ライトノベルの感想を中心に興味のあることを日々つらつらと書き連ねるブログです。



「ラストセイバー 救世の後継」兎月山羊(電撃文庫)

ラストセイバー 救世の後継 (電撃文庫)
ラストセイバー 救世の後継 (電撃文庫)

ときは西暦2140年。史上最悪の敵「天使(アイオーン)」による容赦ない猛威にさらされ、人類はその数を極端に減らし、まさに絶滅の危機に瀕していた……。
東京ビッグサイトで奇怪な事件に遭遇し、2015年の平和な世界から2140年に飛ばされてきた高校生・名薙綾月は、その過酷な境遇に動揺しながらも、自らの運命と人類の未来に希望を見出すべく、立ち上がる。その手に輝く剣を携えて――。
『アンチリテラル数秘術師』の兎月山羊が渾身の力で生み出す、かつてない新次元スピードバトル、開幕ッ!!

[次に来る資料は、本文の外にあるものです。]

Lemma lex_le_trans e f g h :
  lex_le (map f e) (map g e) -> lex_le (map g e) (map h e) ->
  lex_le (map f e) (map h e).
Proof.
elim: e => //= x e IH.
case/orP=> [lt1|/andP[/eqP e1 l1]]; case/orP=> [lt2|/andP[/eqP e2 l2]].
- by rewrite (ltn_trans lt1 lt2).
- by rewrite -e2 lt1.
- by rewrite e1 lt2.
- by rewrite e1 e2 eqxx (IH l1 l2) orbT.
Qed.

Lemma lex_le_anti e f g :
  lex_le (map f e) (map g e) -> lex_le (map g e) (map f e) -> map f e = map g e.
Proof.
elim: e => //= x e IH.
case/orP=> [lt1|/andP[/eqP e1 l1]]; case/orP=> [lt2|/andP[/eqP e2 l2]].
- by have := ltn_trans lt1 lt2; rewrite ltnn.
- by rewrite e2 ltnn in lt1.
- by rewrite e1 ltnn in lt2.
- by rewrite e1 (IH l1 l2).
Qed.

Lemma lex_le_addr e f g h :
  lex_le (map f e) (map g e) ->
  lex_le (map (fun x => f x + h x) e) (map (fun x => g x + h x) e).
Proof.
elim: e => //= x e IH.
case/orP=> [lt1|/andP[/eqP e1 l1]]; first by rewrite ltn_add2r lt1.
by rewrite e1 eqxx (IH l1) orbT.
Qed.

Lemma lex_le_least e (T : Type) (key : T -> X -> nat) (A : T -> Prop) :
  (exists t, A t) ->
  exists t, A t /\ forall t', A t' -> lex_le (map (key t) e) (map (key t') e).
Proof.
elim: e A => [|x e IH] A [t0 At0] /=; first by exists t0.
have [v [[t1 [At1 <-]] v_min]] :=
  nat_least (ex_intro (fun v => exists t, A t /\ key t x = v) _
                      (ex_intro _ t0 (conj At0 erefl))).
have [t [[At kt] t_min]] :=
  IH (fun t => A t /\ key t x = key t1 x) (ex_intro _ t1 (conj At1 erefl)).
exists t; split=> // t' At'.
have := v_min (key t' x) (ex_intro _ t' (conj At' erefl)).
rewrite kt leq_eqVlt => /orP[/eqP e1|->] //.
by rewrite e1 eqxx (t_min t') ?orbT.
Qed.
End LexOnKeys.

Lemma seq_max (T : eqType) (r : rel T) :
  (forall a b, r a b || r b a) -> transitive r ->
  forall x s, exists2 m, m \in x :: s & forall y, y \in x :: s -> r y m.
Proof.
move=> tot tr x s; have refl a : r a a by have := tot a a; rewrite orbb.
elim: s x => [|z s IH] x.
  by exists x => [|y]; rewrite ?inE // => /eqP ->.
have [m ms m_max] := IH z.
case/orP: (tot x m) => h.
  exists m => [|y]; first by rewrite inE ms orbT.
  by rewrite inE => /orP[/eqP -> //|]; apply: m_max.
exists x => [|y]; first by rewrite inE eqxx.
by rewrite inE => /orP[/eqP -> //|/m_max ym]; apply: tr ym h.
Qed.
Lemma tailTE t : tail t = 1 - law t O ^+ lam.
Proof.
set c : islands n lam := [ffun=> O].
have all_optE (X : islands n lam) : all_opt r X = (X == c).
  apply/forallP/eqP => [X_opt|-> i]; last by rewrite ffunE.
  by apply/ffunP => i; rewrite ffunE; apply/eqP.
have law_c : \prod_i law t (c i) = law t O ^+ lam.
  by under eq_bigr do rewrite ffunE; rewrite prodr_const card_ord.
have sum1 : \sum_(X : islands n lam) \prod_i law t (X i) = 1.
  rewrite -(bigA_distr_bigA (fun (i : 'I_lam) (y : bits n) => law t y)) /=.
  by rewrite big1 // => i _; apply: island_law_sum1.
rewrite /tailT (bigD1 c) //= survE all_optE eqxx add0r.
under eq_bigr => X X_neq do rewrite survE all_optE (negbTE X_neq).
by move: sum1; rewrite (bigD1 c) //= law_c; lra.
Qed.

Lemma tailT_ge0 t : 0 <= tail t.
Proof.
by rewrite tailTE subr_ge0 exprn_ile1 ?island_law_ge0 ?island_law_opt_le1.
Qed.

Lemma tailT_ge t j : (2 ^ j <= lam)%N -> 2^-1 ^+ j.+1 <= (1 - p) ^+ t ->
  5^-1 <= tail t.
Proof.
move=> lam_ge pow_ge; set a := (1 - p) ^+ t / 2.
have p_ge0 : 0 <= p by apply: escape_prob_ge0.
have p_le1 : p <= 1 by apply: escape_prob_le1.
have a_ge0 : 0 <= a by rewrite divr_ge0 ?exprn_ge0 //; lra.
have pow_le1 : (1 - p) ^+ t <= 1 by apply: exprn_ile1; lra.
have a_le1 : a <= 1 by rewrite /a; lra.
have lam_a : 4^-1 <= lam%:R * a.
  have half : (2 ^ j)%:R * 2^-1 ^+ j.+1 = 2^-1 :> R.
    by rewrite exprSr exprVn natrX mulrA mulfV ?mul1r // expf_neq0.
  have : (2 ^ j)%:R * 2^-1 ^+ j.+1 <= lam%:R * (1 - p) ^+ t.
    by apply: ler_pM; rewrite ?ler_nat ?exprn_ge0.
  rewrite /a; lra.
have law_le : law t O <= 1 - a by apply: island_law_opt_le.
have : law t O ^+ lam <= (1 - a) ^+ lam.
  by apply: lerXn2r; rewrite ?nnegrE ?island_law_ge0 //; lra.
have := expr1B_bernoulli_le1 lam a_ge0 a_le1.
have : 0 <= (1 - a) ^+ lam by apply: exprn_ge0; lra.
rewrite tailTE; nra.
Qed.

Lemma expected_rounds_ge k j : (2 * r <= n)%N -> (2 * k <= n ^ (2 * r))%N ->
  (2 ^ j <= lam)%N -> (((k * j.+1)%:R / 5)%:E <= expected_rounds R n r lam)%E.
Proof.
move=> le2r le2k lam_ge; have kp_le := escape_prob_mul_le R r_gt0 r_lt_n le2r le2k.
have tail_ge t : (t < k * j.+1)%N -> 5^-1 <= tail t.
  move=> /ltnW t_le; apply: tailT_ge lam_ge _.
  by apply: expr1B_ge_halfX t_le; rewrite ?escape_prob_ge0 ?escape_prob_le1.
apply: le_trans (nneseries_lim_ge (k * j.+1) _) => [|t _ _]; last first.
  by rewrite lee_fin tailT_ge0.
rewrite sumEFin lee_fin big_mkord.
apply: le_trans (_ : \sum_(t < k * j.+1) 5^-1 <= _); last first.
  by apply: ler_sum => t _; apply: tail_ge.
by rewrite sumr_const card_ord -[leRHS]mulr_natl.
Qed.

End Islands.

Theorem corollary3 (R : realType) (r : nat) : (2 <= r)%N ->
  exists c : R, 0 < c /\ exists n0 : nat, forall n lam : nat,
    (n0 <= n)%N -> (1 <= lam)%N -> (lam <= n ^ r)%N ->
    ((c * lam%:R * n%:R ^+ (2 * r) * ln (lam%:R : R))%:E
       <= expected_evals R n r lam)%E.
Proof.
move=> r_ge2; exists 20^-1; split; first by rewrite invr_gt0.
(* the lower bound holds without the hypothesis [lam <= n ^ r] *)
exists (2 * r)%N => n lam n_ge lam_gt0 _.
have r_gt0 : (0 < r)%N by lia.
have r_lt_n : (r < n)%N by lia.
set m := (n ^ (2 * r))%N; set k := (m %/ 2)%N; set j := trunc_log 2 lam.
have m_ge2 : (2 <= m)%N.
  by apply: leq_trans (leq_pexp2l _ (_ : 1 <= 2 * r)%N); rewrite ?expn1; lia.
have le2k : (2 * k <= m)%N by rewrite /k; lia.
have rounds := expected_rounds_ge R r_gt0 r_lt_n n_ge le2k (trunc_logP (ltnSn 1) lam_gt0).
have ln_le : ln (lam%:R : R) <= j.+1%:R by apply: ln_le_trunc_log.
have ln_ge0 : 0 <= ln (lam%:R : R) by rewrite ln_ge0 // ler1n.
have m_le : m%:R <= 4 * k%:R :> R by rewrite -natrM ler_nat; lia.
have mln_le : m%:R * ln (lam%:R : R) <= 4 * k%:R * j.+1%:R by apply: ler_pM.
rewrite /expected_evals -natrX -/m.
apply: (le_trans _ (lee_pmul _ _ (lexx _) rounds)); rewrite ?lee_fin ?divr_ge0 //.
rewrite -/j natrM.
have : 0 <= lam%:R :> R by [].
nra.
Qed.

未来科学の要素が大いに盛り込まれた世界観に、往年のロボットアニメのような王道展開。なんとも電撃らしい作品。
とにかく世界観の作り込みが素晴らしい。
進んだPCの技術に人類の一部を異常に発展させてしまったDNAコンピュータという発想。それをちゃんと科学的根拠を交えて説明されているので、理系人間はワクワクすること間違いなし。帯の「量子コンピュータVS.DNAコンピュータ」という謳い文句はピッタリでキャッチーだと思うんだが、なんでこんなに小さくしたし。
ストーリーとしては、主人公・名薙が未来へ飛ばされて能力に目覚めるまでという1巻らしい内容で特に文句はない。世界観が凝っているのでここで奇をてらう必要もないし。
ただ少し、台詞回しが引っかかる。
名薙は子供っぽ過ぎやしませんか? 16歳なら充分子供なんだけど、台詞やテンションでそれ以上に幼く感じさせる。それに1巻のボスも大物のはずなのに台詞に頭の悪さと小物臭が漂うキャラだったので、二人のバトルはどうにも小学生の言い合いみたいで、最大の見せ場でイマイチ盛り上がれなかった。
続きはどうしよう。主人公の合わなさよりも、一番のお気に入りのおっさんキャラが早期離脱したのが痛いかったり。